03 June 2009
The city smells like three brands of cigarettes: two cheap and three foul. The metro stops at Farragut West has a hot rubber and machinery smell that seeps up the escalators and mixes with the street vendor's smells of mustard and frying oil.
Early in the day 17th street, the 1100's block, is breakfast sausage and diesel fuel that powers the fleets of delivery vans. I walk by as a guard holds open a double glass door: cold air and cologne-- the sweet smell of corporate lobby. My office is strong coffee and overly-conditioned air, a stiff combination that has come to mean answering phones and computer screens and over-worked human.
The people in the streets are a patchwork of perfume, deodorant and humid sweat. Some wear their cigarette smoke like a great billowing cape. Others swagger by and I pause to breath and remember who else wears that aftershave.

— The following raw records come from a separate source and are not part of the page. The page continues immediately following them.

Lemma dotBr u v1 v2 : dot u (v1 - v2) = dot u v1 - dot u v2.
Proof. by rewrite !(dotC u) dotBl. Qed.

Lemma dotNr u v : dot u (- v) = - dot u v.
Proof. by rewrite !(dotC u) dotNl. Qed.

Definition cone n (A : 'I_n -> 'rV[R]_m) b :=
  exists2 lam : 'I_n -> R, forall k, 0 <= lam k & b = \sum_k lam k *: A k.

Lemma cone_tail n (A : 'I_n.+1 -> 'rV[R]_m) b :
  cone (fun k => A (lift ord0 k)) b -> cone A b.
Proof.
move=> [lam lam0 ->].
exists (fun k => if unlift ord0 k is Some k' then lam k' else 0).
  by move=> k; case: (unlift ord0 k).
rewrite big_ord_recl /= unlift_none scale0r add0r.
by apply: eq_bigr => k _; rewrite liftK.
Qed.

(* Fourier-Motzkin elimination of the first generator [a] along a direction
   [z] with [dot a z < 0]. *)
Lemma cone_eliminate n (A : 'I_n.+1 -> 'rV[R]_m) b z :
  let a := A ord0 in let al := dot a z in
  al < 0 -> dot b z <= 0 -> (forall k, 0 <= dot (A (lift ord0 k)) z) ->
  cone (fun k => al *: A (lift ord0 k) - dot (A (lift ord0 k)) z *: a)
       (al *: b - dot b z *: a) ->
  cone A b.
Proof.
move=> a al al0 bz Rz [mu mu0 eb].
set Sr := \sum_k mu k *: A (lift ord0 k).
set Sz := \sum_k mu k * dot (A (lift ord0 k)) z.
have eS : \sum_k mu k *: (al *: A (lift ord0 k) - dot (A (lift ord0 k)) z *: a)
          = al *: Sr - Sz *: a.
  rewrite /Sr /Sz scaler_sumr scaler_suml -sumrB; apply: eq_bigr => k _.
  by rewrite scalerBr !scalerA mulrC.
have alnz : al != 0 by rewrite lt_eqF.
pose t := (dot b z - Sz) / al.
have t0 : 0 <= t.
  rewrite /t ler_ndivlMr // mul0r subr_le0 (le_trans bz) //.
  by apply: sumr_ge0 => k _; apply: mulr_ge0.
exists (fun k => if unlift ord0 k is Some k' then mu k' else t).
  by move=> k; case: (unlift ord0 k).
rewrite big_ord_recl /= unlift_none.
under eq_bigr => k _ do rewrite liftK.
apply: (@scalerI _ _ al) => //.
rewrite scalerDr scalerA /t mulrC divfK // -/Sr.
move: eb; rewrite eS => /eqP; rewrite subr_eq => /eqP ->.
by rewrite scalerBl -addrA (addrC (- _)) addrC.
Qed.

Lemma farkas_separation n (A : 'I_n -> 'rV[R]_m) b : ~ cone A b ->
  exists z, (forall k, 0 <= dot (A k) z) /\ dot b z < 0.
Proof.
elim: n A b => [|n IH] A b ncone.
  have [j bj] : exists j, b 0 j != 0.
    apply: contrapT => hn; apply: ncone; exists (fun=> 0) => //.
    rewrite big_ord0; apply/matrixP => i j; rewrite (ord1 i) !mxE.
    by apply: contrapT => /eqP bij; apply: hn; exists j.
  exists (- b); split; first by case.
  rewrite dotNr oppr_lt0 /dot (bigD1 j) //=.
  apply: ltr_pwDl; first by rewrite -expr2 exprn_even_gt0.
  by apply: sumr_ge0 => i _; rewrite -expr2 sqr_ge0.
have [z [Rz bz]] := IH _ b (fun h => ncone (cone_tail h)).
have liftP (Q : 'I_n.+1 -> Prop) : Q ord0 -> (forall k, Q (lift ord0 k)) -> forall k, Q k.
  by move=> Q0 QS k; case: (unliftP ord0 k) => [k' ->|->].
have [az|az] := lerP 0 (dot (A ord0) z); first by exists z; split => //; apply: liftP.
have [w [R'w b'w]] := IH _ _ (fun h => ncone (cone_eliminate az (ltW bz) Rz h)).
exists (dot (A ord0) z *: w - dot (A ord0) w *: z); split.
  apply: liftP => [|k]; first by rewrite dotBr !dotZr [_ * dot _ w]mulrC subrr.
  move: (R'w k).
  by rewrite dotBr !dotZr dotBl !dotZl (mulrC (dot (A (lift ord0 k)) z)).
by move: b'w; rewrite dotBr !dotZr dotBl !dotZl (mulrC (dot b z)).
Qed.

Lemma farkas n (A : 'I_n -> 'rV[R]_m) b :
  (forall z, (forall k, 0 <= dot (A k) z) -> 0 <= dot b z) -> cone A b.
Proof.
move=> H; apply: contrapT => /farkas_separation [z [Az bz]].
by move: (H z Az); rewrite leNgt bz.
Qed.

End Farkas.

Lemma rat_row_clear_denoms m (z : 'rV[rat]_m) :
  exists2 N : int, 0 < N &
    exists p n : 'I_m -> nat, forall j, (p j)%:R - (n j)%:R = N%:~R * z 0 j.
Proof.
pose N : int := \prod_j denq (z 0 j).
exists N; first by apply: prodr_gt0 => j _; exact: denq_gt0.
have int_diff j : exists pn : nat * nat, pn.1%:R - pn.2%:R = N%:~R * z 0 j.
  pose w : int := (\prod_(l | l != j) denq (z 0 l)) * numq (z 0 j).
  have -> : N%:~R * z 0 j = w%:~R :> rat.
    by rewrite /N (bigD1 j) //= /w !rmorphM /= numqE; ring.
  by case: w => [p|q]; [exists (p, 0%N) | exists (0%N, q.+1)];
    rewrite /= ?subr0 ?sub0r ?NegzE ?mulrNz.
have [pn hpn] := fin_all_exists int_diff.
by exists (fun j => (pn j).1), (fun j => (pn j).2).
Qed.

(** * Free commutative monoids *)

Section FreeBasis.
Variables (F : nmodType) (d : nat) (e : 'I_d -> F).

Definition free_basis :=
  (forall x : F, exists c : 'I_d -> nat, x = \sum_k e k *+ c k) /\
  (forall c c' : 'I_d -> nat,
      \sum_k e k *+ c k = \sum_k e k *+ c' k -> forall k, c k = c' k).

Hypothesis he : free_basis.

Definition fcoord (x : F) : 'I_d -> nat := sval (cid (he.1 x)).

Lemma fcoordE x : x = \sum_k e k *+ fcoord x k.
Proof. by rewrite /fcoord; case: cid. Qed.

Lemma fcoord_comb c k : fcoord (\sum_l e l *+ c l) k = c k.
Proof. by apply: he.2; rewrite -fcoordE. Qed.

Lemma fcoord_inj x y : (forall k, fcoord x k = fcoord y k) -> x = y.
Proof.
by move=> h; rewrite (fcoordE x) (fcoordE y); apply: eq_bigr => k _; rewrite h.
Qed.

Lemma fcoordD x y k : fcoord (x + y) k = (fcoord x k + fcoord y k)%N.
Proof.
rewrite {1}(fcoordE x) {1}(fcoordE y) -big_split /=.
under eq_bigr => l _ do rewrite -mulrnDr.
exact: fcoord_comb.
Qed.

Lemma fcoord0 k : fcoord 0 k = 0%N.
Proof.
rewrite -(fcoord_comb (fun=> 0%N) k); congr fcoord.
by rewrite big1 // => l _; rewrite mulr0n.
Qed.

Lemma fcoordMn x n k : fcoord (x *+ n) k = (fcoord x k * n)%N.
Proof.
by elim: n => [|n IH]; rewrite ?mulr0n ?fcoord0 ?muln0 // mulrS fcoordD IH mulnS.
Qed.

Lemma fcoord_sum (I : Type) (r : seq I) (Pr : pred I) (f : I -> F) k :
  fcoord (\sum_(j <- r | Pr j) f j) k = (\sum_(j <- r | Pr j) fcoord (f j) k)%N.
Proof. exact: (big_morph (fcoord^~ k) (fun x y => fcoordD x y k) (fcoord0 k)). Qed.

Lemma fcoord_basis l k : fcoord (e l) k = (k == l).
Proof.
rewrite -(fcoord_comb (fun j => nat_of_bool (j == l)) k); congr fcoord.
rewrite (bigD1 l) //= eqxx mulr1n big1 ?addr0 // => j /negbTE ->; exact: mulr0n.
Qed.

And 'midst it all, folded in, the city is saturated with that beautiful sweet smell of Southern Summer. The humid wet that clings to the trees and grass of Farragut Park and clings to me as I walk by, reminding me of summers at the beach.
On the corner of 18th and F, I pause, here the air is not quite my sister's favorite perfume and not quite my childhood's honeysuckle bushes but somehow such a fervent sweet and delicate smell, rich and sophisticated; I pretend to scrutinize the newspaper stands as if the sight of so many headlines has made me short of breath-- I breathe deeply and fill my lungs with my favorite D.C. air. Perhaps it's the row of ornamental magnolias or some rich and famous eau de parfum connoisseur who leaves her windows thrown open just there. But now I have read all the headlines twice through, so I continue my walk down 18th street, breathing in the lovely sunshine.